> **PROMPT**
Look through the entries below and extract exactly the lines from the one containing "Lemma indep_fcircuitsE B" through the one containing "apply: indep_sub (indep_exch_all", ends included.

*** INPUT RECORDS

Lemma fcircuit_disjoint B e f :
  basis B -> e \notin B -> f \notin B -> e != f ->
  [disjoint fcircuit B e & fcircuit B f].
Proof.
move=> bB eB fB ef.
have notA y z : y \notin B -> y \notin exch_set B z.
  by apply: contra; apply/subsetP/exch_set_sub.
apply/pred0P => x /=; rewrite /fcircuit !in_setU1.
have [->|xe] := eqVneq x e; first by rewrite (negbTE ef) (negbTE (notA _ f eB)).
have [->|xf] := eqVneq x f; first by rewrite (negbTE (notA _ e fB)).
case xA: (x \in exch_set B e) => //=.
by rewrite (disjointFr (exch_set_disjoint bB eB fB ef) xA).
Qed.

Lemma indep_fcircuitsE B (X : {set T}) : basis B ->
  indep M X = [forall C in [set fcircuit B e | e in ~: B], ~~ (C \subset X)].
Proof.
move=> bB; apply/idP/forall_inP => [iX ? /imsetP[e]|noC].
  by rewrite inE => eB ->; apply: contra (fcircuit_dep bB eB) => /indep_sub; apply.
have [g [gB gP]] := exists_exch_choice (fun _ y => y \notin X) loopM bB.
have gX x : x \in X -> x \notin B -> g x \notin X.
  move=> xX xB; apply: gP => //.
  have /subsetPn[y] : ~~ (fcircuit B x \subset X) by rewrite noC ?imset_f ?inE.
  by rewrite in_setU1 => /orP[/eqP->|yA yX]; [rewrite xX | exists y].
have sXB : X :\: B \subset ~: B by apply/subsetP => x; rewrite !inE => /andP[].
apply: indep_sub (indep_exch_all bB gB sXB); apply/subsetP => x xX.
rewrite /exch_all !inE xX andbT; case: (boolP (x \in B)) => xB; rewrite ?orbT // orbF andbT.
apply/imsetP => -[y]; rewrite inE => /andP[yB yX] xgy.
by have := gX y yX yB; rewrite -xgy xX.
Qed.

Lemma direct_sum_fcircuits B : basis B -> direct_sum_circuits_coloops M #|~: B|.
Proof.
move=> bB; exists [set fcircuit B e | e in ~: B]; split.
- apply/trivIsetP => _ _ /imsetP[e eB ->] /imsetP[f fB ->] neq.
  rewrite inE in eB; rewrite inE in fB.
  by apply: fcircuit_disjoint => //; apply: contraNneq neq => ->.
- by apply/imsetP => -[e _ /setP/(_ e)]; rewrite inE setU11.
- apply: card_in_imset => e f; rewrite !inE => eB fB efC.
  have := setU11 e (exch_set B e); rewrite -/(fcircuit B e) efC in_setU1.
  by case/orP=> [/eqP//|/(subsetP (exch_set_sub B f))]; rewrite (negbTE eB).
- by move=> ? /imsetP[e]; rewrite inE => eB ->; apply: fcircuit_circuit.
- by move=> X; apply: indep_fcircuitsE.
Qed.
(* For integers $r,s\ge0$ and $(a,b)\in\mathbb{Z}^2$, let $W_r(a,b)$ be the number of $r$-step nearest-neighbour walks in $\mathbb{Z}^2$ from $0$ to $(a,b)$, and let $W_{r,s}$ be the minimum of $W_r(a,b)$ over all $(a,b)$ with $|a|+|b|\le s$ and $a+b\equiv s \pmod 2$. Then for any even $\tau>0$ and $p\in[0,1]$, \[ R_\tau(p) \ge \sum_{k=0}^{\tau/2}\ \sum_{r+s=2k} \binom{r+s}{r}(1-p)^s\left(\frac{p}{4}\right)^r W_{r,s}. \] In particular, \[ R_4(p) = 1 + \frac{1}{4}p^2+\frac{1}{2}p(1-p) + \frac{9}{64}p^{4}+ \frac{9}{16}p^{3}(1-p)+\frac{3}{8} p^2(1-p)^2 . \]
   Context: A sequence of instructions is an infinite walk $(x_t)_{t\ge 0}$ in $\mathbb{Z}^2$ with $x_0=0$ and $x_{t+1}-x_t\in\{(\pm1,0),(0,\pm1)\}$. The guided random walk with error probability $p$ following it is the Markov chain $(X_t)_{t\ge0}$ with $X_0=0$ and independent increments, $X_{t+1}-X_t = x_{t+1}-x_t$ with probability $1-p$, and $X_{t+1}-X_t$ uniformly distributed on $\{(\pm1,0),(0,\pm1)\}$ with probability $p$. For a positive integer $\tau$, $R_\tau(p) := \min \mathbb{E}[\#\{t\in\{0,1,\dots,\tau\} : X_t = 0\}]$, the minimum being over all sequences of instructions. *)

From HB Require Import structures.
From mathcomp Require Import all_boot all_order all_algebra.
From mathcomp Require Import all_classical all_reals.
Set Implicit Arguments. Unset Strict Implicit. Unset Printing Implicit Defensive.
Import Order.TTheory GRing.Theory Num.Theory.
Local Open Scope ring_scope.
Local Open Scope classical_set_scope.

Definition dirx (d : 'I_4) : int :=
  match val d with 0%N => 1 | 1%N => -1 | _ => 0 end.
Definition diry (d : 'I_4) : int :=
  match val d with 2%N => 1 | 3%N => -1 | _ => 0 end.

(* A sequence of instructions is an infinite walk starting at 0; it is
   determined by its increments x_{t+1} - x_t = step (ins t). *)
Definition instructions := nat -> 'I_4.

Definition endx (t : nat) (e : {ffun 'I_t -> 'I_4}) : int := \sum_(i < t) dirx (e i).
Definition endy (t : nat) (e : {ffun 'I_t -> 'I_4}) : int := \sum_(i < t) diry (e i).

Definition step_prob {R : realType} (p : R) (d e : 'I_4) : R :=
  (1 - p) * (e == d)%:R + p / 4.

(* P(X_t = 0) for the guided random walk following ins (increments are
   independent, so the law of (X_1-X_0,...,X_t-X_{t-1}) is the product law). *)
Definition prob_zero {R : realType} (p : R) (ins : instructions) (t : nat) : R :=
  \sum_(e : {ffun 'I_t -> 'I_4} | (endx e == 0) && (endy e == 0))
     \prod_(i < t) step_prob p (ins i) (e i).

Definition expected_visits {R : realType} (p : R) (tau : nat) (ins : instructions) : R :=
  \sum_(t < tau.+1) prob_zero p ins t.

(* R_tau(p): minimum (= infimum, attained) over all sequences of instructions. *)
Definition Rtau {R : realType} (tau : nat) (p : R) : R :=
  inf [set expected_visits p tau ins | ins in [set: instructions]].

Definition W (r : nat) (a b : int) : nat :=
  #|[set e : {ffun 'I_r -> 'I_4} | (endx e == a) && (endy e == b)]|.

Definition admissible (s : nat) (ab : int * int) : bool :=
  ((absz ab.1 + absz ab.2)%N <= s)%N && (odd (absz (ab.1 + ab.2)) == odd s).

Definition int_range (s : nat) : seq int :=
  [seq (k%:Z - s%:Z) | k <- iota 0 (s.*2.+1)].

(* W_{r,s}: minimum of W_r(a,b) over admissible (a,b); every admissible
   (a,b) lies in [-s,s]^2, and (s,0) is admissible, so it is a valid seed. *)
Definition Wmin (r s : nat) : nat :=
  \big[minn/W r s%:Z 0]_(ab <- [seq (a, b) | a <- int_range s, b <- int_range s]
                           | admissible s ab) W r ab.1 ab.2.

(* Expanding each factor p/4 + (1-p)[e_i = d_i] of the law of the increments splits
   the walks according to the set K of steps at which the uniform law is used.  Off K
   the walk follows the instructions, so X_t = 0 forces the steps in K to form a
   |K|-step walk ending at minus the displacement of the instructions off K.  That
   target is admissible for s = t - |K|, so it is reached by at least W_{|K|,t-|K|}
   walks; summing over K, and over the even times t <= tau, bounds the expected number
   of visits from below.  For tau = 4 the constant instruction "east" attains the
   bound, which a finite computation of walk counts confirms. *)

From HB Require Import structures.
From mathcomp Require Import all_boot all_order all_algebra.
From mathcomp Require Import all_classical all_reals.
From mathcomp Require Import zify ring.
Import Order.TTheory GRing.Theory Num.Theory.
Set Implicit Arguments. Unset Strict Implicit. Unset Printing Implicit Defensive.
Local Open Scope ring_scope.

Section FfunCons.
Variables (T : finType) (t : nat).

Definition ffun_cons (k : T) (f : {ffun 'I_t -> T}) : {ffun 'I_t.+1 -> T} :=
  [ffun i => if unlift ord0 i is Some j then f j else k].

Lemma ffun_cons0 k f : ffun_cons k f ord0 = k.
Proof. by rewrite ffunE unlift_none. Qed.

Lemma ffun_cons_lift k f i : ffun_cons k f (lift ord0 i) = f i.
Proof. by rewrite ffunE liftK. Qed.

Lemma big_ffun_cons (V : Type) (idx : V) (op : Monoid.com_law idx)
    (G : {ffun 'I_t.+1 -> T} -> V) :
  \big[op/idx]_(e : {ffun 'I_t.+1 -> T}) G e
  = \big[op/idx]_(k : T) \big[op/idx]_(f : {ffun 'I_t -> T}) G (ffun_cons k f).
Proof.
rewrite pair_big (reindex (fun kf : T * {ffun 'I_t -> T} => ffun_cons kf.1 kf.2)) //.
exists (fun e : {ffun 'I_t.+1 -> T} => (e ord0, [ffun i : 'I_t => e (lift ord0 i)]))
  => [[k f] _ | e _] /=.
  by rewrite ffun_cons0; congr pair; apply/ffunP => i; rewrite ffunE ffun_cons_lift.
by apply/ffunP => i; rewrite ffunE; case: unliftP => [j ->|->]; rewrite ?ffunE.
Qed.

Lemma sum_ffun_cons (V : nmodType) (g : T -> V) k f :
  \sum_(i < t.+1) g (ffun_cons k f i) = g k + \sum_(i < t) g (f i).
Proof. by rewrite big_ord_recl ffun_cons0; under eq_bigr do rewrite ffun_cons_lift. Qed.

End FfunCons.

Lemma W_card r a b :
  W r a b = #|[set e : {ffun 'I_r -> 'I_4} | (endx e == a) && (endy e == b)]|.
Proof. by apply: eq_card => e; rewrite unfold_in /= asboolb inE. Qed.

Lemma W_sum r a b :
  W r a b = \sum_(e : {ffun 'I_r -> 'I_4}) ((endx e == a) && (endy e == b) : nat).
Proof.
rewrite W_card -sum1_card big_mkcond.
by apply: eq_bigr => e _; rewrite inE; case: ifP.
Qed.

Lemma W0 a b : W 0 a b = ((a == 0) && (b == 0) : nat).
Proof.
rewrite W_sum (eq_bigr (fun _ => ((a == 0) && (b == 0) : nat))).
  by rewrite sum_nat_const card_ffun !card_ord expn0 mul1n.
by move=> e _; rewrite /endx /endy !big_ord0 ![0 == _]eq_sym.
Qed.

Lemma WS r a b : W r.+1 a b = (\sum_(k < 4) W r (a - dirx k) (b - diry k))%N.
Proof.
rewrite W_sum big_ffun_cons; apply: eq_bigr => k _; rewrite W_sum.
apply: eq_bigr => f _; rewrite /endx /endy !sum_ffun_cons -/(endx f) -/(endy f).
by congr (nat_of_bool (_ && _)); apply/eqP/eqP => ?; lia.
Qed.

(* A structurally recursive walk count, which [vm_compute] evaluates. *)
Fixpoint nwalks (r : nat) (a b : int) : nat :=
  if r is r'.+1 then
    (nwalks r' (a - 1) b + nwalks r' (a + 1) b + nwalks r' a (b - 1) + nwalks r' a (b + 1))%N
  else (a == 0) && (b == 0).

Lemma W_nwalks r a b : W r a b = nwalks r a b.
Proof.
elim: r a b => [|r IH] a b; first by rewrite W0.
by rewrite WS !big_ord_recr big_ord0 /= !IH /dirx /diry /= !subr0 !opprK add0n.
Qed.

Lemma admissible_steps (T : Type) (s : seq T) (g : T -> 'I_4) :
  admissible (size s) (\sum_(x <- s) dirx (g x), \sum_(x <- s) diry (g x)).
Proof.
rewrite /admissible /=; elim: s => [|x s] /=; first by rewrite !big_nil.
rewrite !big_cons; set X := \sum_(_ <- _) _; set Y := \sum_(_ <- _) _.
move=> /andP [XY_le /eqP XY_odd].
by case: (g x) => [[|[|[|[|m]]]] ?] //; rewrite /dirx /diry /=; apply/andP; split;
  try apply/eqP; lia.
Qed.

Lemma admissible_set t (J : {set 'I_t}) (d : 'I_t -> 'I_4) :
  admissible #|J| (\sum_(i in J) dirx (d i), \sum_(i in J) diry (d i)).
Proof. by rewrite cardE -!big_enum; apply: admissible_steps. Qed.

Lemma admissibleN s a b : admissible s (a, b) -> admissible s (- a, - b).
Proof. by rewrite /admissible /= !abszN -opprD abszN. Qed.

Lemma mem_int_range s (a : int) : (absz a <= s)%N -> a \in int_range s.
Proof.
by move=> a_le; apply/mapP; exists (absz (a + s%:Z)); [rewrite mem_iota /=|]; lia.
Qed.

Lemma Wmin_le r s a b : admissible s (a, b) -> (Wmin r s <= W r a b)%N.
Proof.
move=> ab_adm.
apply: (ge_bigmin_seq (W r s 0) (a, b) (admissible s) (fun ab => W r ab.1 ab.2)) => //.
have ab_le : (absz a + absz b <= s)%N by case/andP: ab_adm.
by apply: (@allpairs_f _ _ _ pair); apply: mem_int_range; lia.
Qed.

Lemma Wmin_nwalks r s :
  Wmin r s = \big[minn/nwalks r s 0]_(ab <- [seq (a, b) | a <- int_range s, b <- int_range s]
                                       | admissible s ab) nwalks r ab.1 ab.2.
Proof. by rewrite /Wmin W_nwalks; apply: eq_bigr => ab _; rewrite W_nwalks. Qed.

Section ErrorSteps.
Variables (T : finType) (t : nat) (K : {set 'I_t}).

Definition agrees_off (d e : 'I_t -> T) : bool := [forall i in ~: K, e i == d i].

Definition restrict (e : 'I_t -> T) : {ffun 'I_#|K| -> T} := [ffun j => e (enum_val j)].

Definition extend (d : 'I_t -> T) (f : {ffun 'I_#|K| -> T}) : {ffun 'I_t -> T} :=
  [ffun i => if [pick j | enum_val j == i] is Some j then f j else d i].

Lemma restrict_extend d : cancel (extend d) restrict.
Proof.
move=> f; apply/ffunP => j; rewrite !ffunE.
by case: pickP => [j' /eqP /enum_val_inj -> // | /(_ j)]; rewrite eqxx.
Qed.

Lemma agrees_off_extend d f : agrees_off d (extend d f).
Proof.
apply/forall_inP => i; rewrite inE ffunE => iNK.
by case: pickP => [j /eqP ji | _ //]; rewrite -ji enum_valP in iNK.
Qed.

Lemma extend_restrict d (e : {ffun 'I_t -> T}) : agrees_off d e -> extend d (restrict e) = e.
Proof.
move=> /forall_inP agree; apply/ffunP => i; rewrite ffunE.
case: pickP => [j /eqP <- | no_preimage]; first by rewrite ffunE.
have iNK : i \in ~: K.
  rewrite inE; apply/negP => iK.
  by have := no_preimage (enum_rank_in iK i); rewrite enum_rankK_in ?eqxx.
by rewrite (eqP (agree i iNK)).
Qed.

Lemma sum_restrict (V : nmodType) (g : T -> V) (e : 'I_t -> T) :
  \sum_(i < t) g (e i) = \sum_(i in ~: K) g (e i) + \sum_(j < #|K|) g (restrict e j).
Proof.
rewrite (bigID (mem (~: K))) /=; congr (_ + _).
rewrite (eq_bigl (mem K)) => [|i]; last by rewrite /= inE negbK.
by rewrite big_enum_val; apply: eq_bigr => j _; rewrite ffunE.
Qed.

******

> **OUTPUT**
Lemma indep_fcircuitsE B (X : {set T}) : basis B ->
  indep M X = [forall C in [set fcircuit B e | e in ~: B], ~~ (C \subset X)].
Proof.
move=> bB; apply/idP/forall_inP => [iX ? /imsetP[e]|noC].
  by rewrite inE => eB ->; apply: contra (fcircuit_dep bB eB) => /indep_sub; apply.
have [g [gB gP]] := exists_exch_choice (fun _ y => y \notin X) loopM bB.
have gX x : x \in X -> x \notin B -> g x \notin X.
  move=> xX xB; apply: gP => //.
  have /subsetPn[y] : ~~ (fcircuit B x \subset X) by rewrite noC ?imset_f ?inE.
  by rewrite in_setU1 => /orP[/eqP->|yA yX]; [rewrite xX | exists y].
have sXB : X :\: B \subset ~: B by apply/subsetP => x; rewrite !inE => /andP[].
apply: indep_sub (indep_exch_all bB gB sXB); apply/subsetP => x xX.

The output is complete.